# Task objective
Entries follow. Return each line that contains the word "Fconcat".

# Given data
(* "int_0^oo sup{x | Sset t x} dt < oo", the integrand being nonnegative:
   the (inner) integral, i.e. the supremum of the integrals of nonnegative
   Riemann-integrable functions lying below the integrand on [0,T], is finite.
   For nonnegative lower semicontinuous integrands (the case of (I) below,
   a supremum of continuous functions) this coincides with the Lebesgue
   integral. *)
Definition finite_int_sup (Sset : R -> R -> Prop) : Prop :=
  exists M, forall (T : R) (g : R -> R) (pr : Riemann_integrable g 0 T),
    0 <= T ->
    (forall t, 0 <= t <= T -> 0 <= g t /\ le_sup (Sset t) (g t)) ->
    RiemannInt pr <= M.

Definition finite_int (h : R -> R) : Prop :=
  finite_int_sup (fun t x => x = h t).

Definition payoff := R -> nat -> (nat -> R) -> R.

Definition CondI (N : nat) (D : nat -> (nat -> R) -> Prop) (g : payoff) : Prop :=
  forall c, 0 < c ->
    finite_int_sup (fun t x => exists i q,
      (i < N)%nat /\ D i q /\ rnorm N q <= c /\ x = Rabs (g t i q)).

Definition C1_deriv_on_nonneg (h h' : R -> R) : Prop :=
  (forall t, 0 <= t -> forall eps, 0 < eps -> exists delta, 0 < delta /\
      forall s, s <> 0 -> Rabs s < delta -> 0 <= t + s ->
        Rabs ((h (t + s) - h t) / s - h' t) < eps) /\
  (forall t, 0 <= t -> forall eps, 0 < eps -> exists delta, 0 < delta /\
      forall s, 0 <= s -> Rabs (s - t) < delta -> Rabs (h' s - h' t) < eps).

Definition CondR (N : nat) (D : nat -> (nat -> R) -> Prop) (f ft : payoff) : Prop :=
  exists (r : R -> R -> nat -> (nat -> R) -> R),
    (forall t i q, (i < N)%nat -> D i q ->
       forall e, 0 < e -> continuity_pt (fun e' => r t e' i q) e) /\
    (forall t e i q, 0 <= t -> 0 < e -> (i < N)%nat -> D i q ->
       Rabs (f (t + e) i q - f t i q - e * ft t i q) <= r t e i q) /\
    (forall i q, (i < N)%nat -> D i q ->
       exists e0, 0 < e0 /\ forall e, 0 < e <= e0 -> finite_int (fun t => r t e i q)) /\
    (forall t i q e1 e2, (i < N)%nat -> D i q -> 0 < e1 <= e2 ->
       r t e1 i q / e1 <= r t e2 i q / e2).

(* F(i,Q) = E_{i,Q}[ int_0^oo f(t, X_t, Q_{X_t}) dt ]
          = int_0^oo sum_j P_ij(t) f(t, j, Q_j) dt *)
Definition Fval (N : nat) (f : payoff) (Q : nat -> nat -> R) (i : nat) : R :=
  improper_int (fun t => rsum N (fun j => expm N Q t i j * f t j (Q j))).

(* F(i, Q (x)_eps Q') : generator Q on [0,eps], then Q' on (eps,oo) *)
Definition Fconcat (N : nat) (f : payoff) (Q Q' : nat -> nat -> R) (eps : R) (i : nat) : R :=
  improper_int (fun t =>
    if Rle_dec t eps
    then rsum N (fun j => expm N Q t i j * f t j (Q j))
    else rsum N (fun j =>
           rsum N (fun k => expm N Q eps i k * expm N Q' (t - eps) k j) * f t j (Q' j))).

Definition Gamma (N : nat) (f : payoff) (Qs : nat -> nat -> R) (i : nat) (q : nat -> R) : R :=
  f 0 i q + rsum N (fun j => q j * Fval N f Qs j).

Definition StrongEq (N : nat) (D : nat -> (nat -> R) -> Prop) (f : payoff)
  (Qs : nat -> nat -> R) : Prop :=
  forall i Q, (i < N)%nat -> InQ N D Q ->
    exists eps, 0 < eps /\ forall e', 0 < e' <= eps ->
      Fval N f Qs i >= Fconcat N f Q Qs e' i.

# Answer to the exercise
Definition Fconcat (N : nat) (f : payoff) (Q Q' : nat -> nat -> R) (eps : R) (i : nat) : R :=
      Fval N f Qs i >= Fconcat N f Q Qs e' i.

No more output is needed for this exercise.